The chart in Figure 8 displays the frequency of word combinations, specifically bigrams and trigrams, in the corpus. Bigrams are combinations of two words (e.g., “I am”), and trigrams are combinations of three words (e.g., “I am going”). The chart is sorted by frequency, with the most frequent bigrams and trigrams appearing at the top. This type of analysis is useful for identifying common phrases and idiomatic expressions used in the corpus and understanding the relationship between words in the language. Additionally, it can provide insight into the style and tone of the text, such as whether it is formal or informal. Overall, the chart in Figure 8 can be a valuable tool for understanding the language used in the corpus at a deeper level. For example, the most frequent bigram is “eu quero” (I want), indicating that the corpus might be focused on expressing wants or desires. Additionally, it can be used to identify patterns in the language, such as specific conjunctions or prepositions, which can further inform the analysis of the corpus.

Figure 8. Frequency distribution of N-gram in the constructed corpus.

Figure 9 presents the word and word combination (bigrams and trigrams) frequency distributions for the human-composed corpus.

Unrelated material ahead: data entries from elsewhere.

Lemma derivable_first_order f M eta :
  (forall x, derivable f x 1) -> continuous (derive1 f) -> 0 < eta ->
  exists2 del, 0 < del & forall x h, `|x| <= M -> `|h| <= del ->
    `|f (x + h) - f x - h * derive1 f x| <= `|h| * eta.
Proof.
move=> df cf' eta0.
have [del del0 hdel] := continuous_unif_itv (derive1 f) (- M) M eta cf' eta0.
exists del => // x h xM hdel'; have xin : - M <= x <= M by rewrite -ler_norml.
have cf : continuous f.
  by move=> y; apply: differentiable_continuous; exact/derivable1_diffP.
have f'E (y : R) : is_derive y (1 : R) f (derive1 f y).
  by rewrite derive1E; exact: derivableP.
suff [c xc ->] : exists2 c, `|c - x| <= `|h| & f (x + h) - f x = h * derive1 f c.
  rewrite -mulrBr normrM ler_wpM2l //; apply: hdel xin _; exact: le_trans xc hdel'.
have [h0|h0|->] := ltgtP h 0; last first.
  by exists x; rewrite ?subrr ?normr0 // mul0r addr0 subrr.
- have xxh : x < x + h by rewrite ltrDl.
  have [c] := MVT xxh (fun y _ => f'E y) (continuous_subspaceT cf).
  rewrite in_itv /= => /andP[c1 c2] e; exists c; last by rewrite e; ring.
  by rewrite (gtr0_norm h0) ler_norml; lra.
- have xhx : x + h < x by rewrite gtrDl.
  have [c] := MVT xhx (fun y _ => f'E y) (continuous_subspaceT cf).
  rewrite in_itv /= => /andP[c1 c2] e; exists c; last by rewrite -opprB e; ring.
  by rewrite (ltr0_norm h0) ler_norml; lra.
Qed.

Lemma normr_le_eps_eq0 (x L : R) : 0 <= L ->
  (forall eta, 0 < eta -> `|x| <= L * eta) -> x = 0.
Proof.
move=> L0 small; apply/eqP; apply: contraT => x0.
have xp : 0 < `|x| by rewrite normr_gt0.
have L1 : 0 < L + 1 by lra.
have := small _ (divr_gt0 xp L1); rewrite mulrA.
have : L * `|x| / (L + 1) < `|x| by rewrite ltr_pdivrMr //; nra.
lra.
Qed.

End real_analysis.

Section integration.
Context {d} {Omega : measurableType d} {R : realType}.
Section LipschitzContinuous.
Variables (R : realType) (n : nat) (Iz : {set 'I_n}).
Variables (h : ('I_n -> R) -> R) (L : R).
Hypothesis h_lip : lipschitz_c Iz L h.
Implicit Types (x y : 'I_n -> R).

Lemma lipschitz_c_ge x y : same_z Iz y x -> h x - L * enorm (vsub y x) <= h y.
Proof. by move/h_lip; rewrite ler_norml => /andP[]; lra. Qed.

Lemma lipschitz_c_le x y : same_z Iz y x -> h y <= h x + L * enorm (vsub y x).
Proof. by move/h_lip; rewrite ler_norml => /andP[]; lra. Qed.

Lemma lipschitz_c_lt0_nbhs x : 0 < L -> h x < 0 ->
  exists2 r, 0 < r & forall y, same_z Iz y x -> enorm (vsub y x) < r -> h y < 0.
Proof.
move=> L_gt0 hx_lt0; exists (- h x / L); first by rewrite divr_gt0 // oppr_gt0.
move=> y yx; rewrite ltr_pdivlMr // => yx_lt; have := lipschitz_c_le yx; lra.
Qed.

End LipschitzContinuous.

Section ClarkeDerivative.
Variables (R : realType) (n : nat) (Iz : {set 'I_n}).
Variables (h : ('I_n -> R) -> R) (L : R) (x : 'I_n -> R).
Hypothesis h_lip : lipschitz_c Iz L h.
Implicit Types (y s v w : 'I_n -> R) (t r : R).

Definition dquot y t s : R := (h (vadd y (vscale t s)) - h y) / t.

Definition dquot_ub s r : Prop := exists2 d, 0 < d & forall y t,
  same_z Iz y x -> enorm (vsub y x) < d -> 0 < t -> t < d -> dquot y t s <= r.

Lemma clarke_dd_le s r : dquot_ub s r -> (clarke_dd Iz h x s <= r%:E)%E.
Proof.
case=> d d_gt0 ub; apply: ge_ereal_inf; eexists; first by exists d.
apply: ge_ereal_sup => _ [y [t [yx [yd [/andP[t_gt0 td] ->]]]]].
by rewrite lee_fin; apply: ub.
Qed.

Lemma dquot_ub_lt s r : (clarke_dd Iz h x s < r%:E)%E -> dquot_ub s r.
Proof.
case/ereal_inf_lt => _ [d d_gt0 <-] sup_lt; exists d => // y t yx yd t_gt0 td.
rewrite -lee_fin; apply: le_trans (ltW sup_lt); apply: ereal_sup_ubound.
by exists y, t; do 3 (split => //); rewrite t_gt0 td.
Qed.
(* For every formula $\varphi$ there exists a formula $\varphi'$ with $\varphi'\equiv\varphi$ such that $\varphi'$ is in first normal form (i.e. $\mathrm{ubw}(\varphi') = 0$), $|\varphi'| \leq 4^{2|\varphi|}\cdot|\varphi|$, for every subformula $\mathbf{GF}\psi$ of $\varphi'$ the formula $\psi$ is a subformula of $\varphi$, and every subformula of $\varphi'$ of the form $\mathbf{FG}\chi$ is also a subformula of $\varphi$.
   Context: Fix a finite set $Ap$ of atomic propositions. A word is an infinite sequence $w = w[0]w[1]\dots$ of letters of $2^{Ap}$, and $w_i$ denotes the suffix $w[i]w[i+1]\dots$. Formulas are generated by $\varphi ::= \mathbf{true} \mid \mathbf{false} \mid a \mid \neg a \mid \varphi\wedge\varphi \mid \varphi\vee\varphi \mid \mathbf{X}\varphi \mid \varphi\,\mathbf{U}\,\varphi \mid \varphi\,\mathbf{W}\,\varphi \mid \mathbf{GF}\varphi \mid \mathbf{FG}\varphi$ ($a\in Ap$), where $\mathbf{GF}$, $\mathbf{FG}$ are single unary operators (limit operators). Semantics: $w\models a$ iff $a\in w[0]$, $w\models\neg a$ iff $a\notin w[0]$, Boolean constants and connectives as usual; $w\models\mathbf{X}\varphi$ iff $w_1\models\varphi$; $w\models\varphi\mathbf{U}\psi$ iff $\exists k$: $w_k\models\psi$ and $\forall j<k$: $w_j\models\varphi$; $w\models\varphi\mathbf{W}\psi$ iff ($\forall k$: $w_k\models\varphi$) or $w\models\varphi\mathbf{U}\psi$; $w\models\mathbf{GF}\varphi$ iff $w_k\models\varphi$ for infinitely many $k$; $w\models\mathbf{FG}\varphi$ iff $\exists n\,\forall k\geq n$: $w_k\models\varphi$. $\varphi\equiv\psi$ means both are satisfied by the same words. The syntax tree $T_\varphi$ has leaves $\mathbf{true},\mathbf{false},a,\neg a$ and one internal node per operator occurrence; $|\varphi|$ is its number of nodes. A $\mathbf{U}$-node (resp. $\mathbf{W}$-node, limit node) is a node whose subformula has top operator $\mathbf{U}$ (resp. $\mathbf{W}$, $\mathbf{GF}$ or $\mathbf{FG}$). A node is under another if it is a proper descendant of it. $\mathrm{ubw}(\varphi)$ is the number of $\mathbf{U}$-nodes of $T_\varphi$ that are under some $\mathbf{W}$-node but not under any limit node. A formula $\varphi$ is in first normal form if $\mathrm{ubw}(\varphi)=0$. *)

From mathcomp Require Import all_boot.
Set Implicit Arguments. Unset Strict Implicit. Unset Printing Implicit Defensive.
(* Consider a two-hop amplify-and-forward network with a source, a destination and $K$ energy-harvesting relays $R_1,\dots,R_K$, each with a battery, operating over time slots $t=1,2,\dots$. In slot $t$ the source transmits with power $P$; relay $R_k$ splits its received power $P|h_k(t)|^2$ with ratios $\lambda_{k,I}(t),\lambda_{k,F}(t),\lambda_{k,B}(t)\ge0$, $\lambda_{k,I}(t)+\lambda_{k,F}(t)+\lambda_{k,B}(t)=1$: fraction $\lambda_{k,I}(t)$ is used for information (then corrupted by noise of variance $\sigma_b^2>0$), fraction $\lambda_{k,F}(t)$ is harvested for immediate forwarding, giving power $\eta_1\lambda_{k,F}(t)P|h_k(t)|^2$, and fraction $\lambda_{k,B}(t)$ charges the battery, adding energy $\eta_1\eta_2\lambda_{k,B}(t)P|h_k(t)|^2$, where $\eta_1,\eta_2\in(0,1]$. The relay additionally discharges $b_{k,F}(t)$ with $0\le b_{k,F}(t)\le B_k(t)$ from its battery, where $B_k(t)$ is the battery level at the start of slot $t$, and transmits with power $p_{k,R}(t)=\eta_1\lambda_{k,F}(t)P|h_k(t)|^2+b_{k,F}(t)$; the battery evolves as $B_k(t+1)=B_k(t)+\eta_1\eta_2\lambda_{k,B}(t)P|h_k(t)|^2-b_{k,F}(t)$. With amplification gain $\beta_k(t)=\sqrt{p_{k,R}(t)/(\lambda_{k,I}(t)P|h_k(t)|^2+\sigma_b^2)}$ and phase-aligned distributed beamforming, the SNR at the destination in slot $t$ is $$SNR(t)=\frac{P\Big(\sum_{k=1}^K\beta_k(t)|h_k(t)g_k(t)|\sqrt{\lambda_{k,I}(t)}\Big)^2}{\sum_{k=1}^K\beta_k(t)^2|g_k(t)|^2\sigma_b^2+\sigma_D^2},$$ with $\sigma_D^2>0$. In the greedy method, at each slot $t$ the decision $(\lambda_{k,I}(t),\lambda_{k,F}(t),\lambda_{k,B}(t),b_{k,F}(t))_{k}$ is chosen to maximize $\tfrac12\log(1+SNR(t))$ given the current battery levels $B_k(t)$, ignoring the effect on later slots. If all batteries are empty initially ($B_k(1)=0$ for all $k$), then the greedy-optimized joint power-splitting and battery operation design uses up the harvested energy at each transmission: $\lambda_{k,B}(t)=0$ and $b_{k,F}(t)=0$ for all $k$ and all $t$, and all batteries remain empty.
   Context: $h_k(t)$ and $g_k(t)$ are the complex source–relay and relay–destination channel gains in slot $t$; $\eta_1$ is the RF-to-DC conversion efficiency and $\eta_2$ the battery storage efficiency. Antenna noise is neglected. Battery energies take values in a discrete set of levels, which does not affect the statement since no charging/discharging occurs. *)

From Stdlib Require Import Reals List.
From Coquelicot Require Import Coquelicot.
Open Scope R_scope.
(* Let $P=P(G,[\omega])$ be a toric poset over $G=(V,E)$ and $I\subseteq V$. The following are equivalent: (i) $I$ is a toric filter of $P$; (ii) $I$ is an order ideal of $P(G,\omega')$ for some $\omega'\in[\omega]$; (iii) $I$ is an order filter of $P(G,\omega'')$ for some $\omega''\in[\omega]$; (iv) in at least one total toric extension of $P$, the elements of $I$ appear in consecutive cyclic order.
   Context: Toric poset setup: $V=[n]$; $\mathrm{Acyc}(G)$ acyclic orientations; $P(G,\omega)$ the poset given by the transitive closure of $\omega$; $[\omega]$ the class under the equivalence generated by converting a source into a sink; toric chambers (components of $\mathbb{R}^V/\mathbb{Z}^V$ minus the hyperplanes $\{x_i\equiv x_j\bmod1\}$, $\{i,j\}\in E$) correspond bijectively to classes $[\omega]$; $P(G,[\omega])$ is identified with its chamber $c(P)$. For a partition $\pi$, $D^{\mathrm{tor}}_\pi$ is the image in the torus of $\{x\in\mathbb{R}^V: x_i=x_j$ for $i,j$ in a common block$\}$. Toric filter: $I\subseteq V$ is a toric filter of $P$ if $I=\emptyset$, $I=V$, or $\emptyset\ne I\ne V$ and $\overline{c(P)}\cap D^{\mathrm{tor}}_{\{I,V\setminus I\}}$ is two-dimensional (equivalently, the partition $\{I,V\setminus I\}$ is closed w.r.t. $P$, i.e. it is the coarsest partition giving that intersection; this is the preimage structure of a toric morphism onto a two-element toric poset). An order ideal of a poset is a down-closed subset; an order filter an up-closed subset. A total toric extension of $P$ is a chamber $c(P')\subseteq c(P)$ of the toric arrangement of the complete graph $K_V$; these are indexed by cyclic classes $[(w_1,\dots,w_n)]$ of permutations of $V$ (the set where $0\le x_{w_1}<\dots<x_{w_n}<1$ up to cyclic shift). *)

From Stdlib Require Import Reals Relations.
From mathcomp Require Import all_boot.
Set Implicit Arguments. Unset Strict Implicit. Unset Printing Implicit Defensive.
Local Open Scope R_scope.

(* A simple graph G = (V, E) with V = 'I_n (= [n]), E given by a symmetric
   irreflexive relation e ({i,j} in E <-> e i j). *)
Definition simple_graph n (e : rel 'I_n) : Prop := irreflexive e /\ symmetric e.

Definition orientation n (e o : rel 'I_n) : Prop :=
  (forall i j, o i j -> e i j) /\ (forall i j, e i j -> o i j (+) o j i).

This figure provides a valuable basis for comparing the distribution of the generated corpus with the human-composed one. Upon analyzing the chart and comparing it to the frequency distributions shown in Figures 7 and 8, it becomes evident that the human-composed and generated corpora exhibit similar patterns. Precisely, the frequency distribution of the most common words and stop words in the human-composed corpus aligns closely with their presence in the generated corpus. This similarity reinforces the effectiveness of using GPT-3 to generate synthetic sentences that resemble those composed by AAC practitioners. It indicates that the generated corpus captures essential linguistic patterns present in real-world AAC communication. The presence of similar word combinations (bigrams and trigrams) further corroborates the compatibility between the human-composed and generated corpora, strengthening the case for the effectiveness of the proposed methodology in creating a synthetic AAC dataset that mirrors the language patterns observed in real-life AAC interactions.

Figure 9. Word and n-gram frequency distribution in the human-composed corpus.

In addition to evaluating the quality and representativeness of the automatically generated sentences, we conducted a coverage assessment for the constructed corpus. The coverage measures the fraction of sentences generated through text augmentation that are assigned to the same cluster as at least one human-composed sentence. To quantify the coverage, we adopted a clustering-based approach, generating sentence embeddings for both the human-composed and augmented corpora. The k-means clustering algorithm was utilized to group the sentence embeddings into distinct clusters. For generating the sentence embeddings, we employed BERTimbau Souza et al. (Reference Souza, Nogueira and Lotufo2020), using the average vector output from the last four encoder layers to represent the $[CLS]$ token. This methodology allowed us to effectively assess the degree of overlap between the human-composed and automatically generated sentences, shedding light on the corpus’s overall coverage and ability to capture essential linguistic patterns.

To evaluate the coverage of the generated corpus, we collected an additional 203 sentences from AAC specialists. This set is referred to as the test set of the human-composed corpus. The original 667 sentences collected from the specialists constitute the training set of the human-composed corpus. The test set provides a means of measuring the quality and reliability of the generated corpus by comparing its content with the human-composed sentences.

The line chart in Figure 10 depicts the coverage ratio of three different scenarios: the blue line represents the coverage ratio of the automatically generated corpus over the test set of the human-composed corpus. The orange line represents the automatically generated corpus coverage ratio over the human-composed corpus training set. Finally, the green line represents the coverage ratio of the test set of the human-composed corpus over the training set.

Figure 10. Coverage of the automatically generated corpus over the human-composed sentences.

As the number of clusters increases from 10 to 200, we can observe that the blue line (coverage of the automatically generated corpus over the test set of the human-composed corpus) decreases deeper than the other two lines. This can be explained by the fact that the human-composed corpus is smaller than the generated one, leading to a decrease in coverage as the number of clusters increases. However, it is important to note that both the orange and green lines remain relatively stable throughout the range of the number of clusters, showing that the coverage of the auto-generated corpus over the training set and the test set of the human-composed corpus over the training set, respectively, is not significantly affected by the number of clusters.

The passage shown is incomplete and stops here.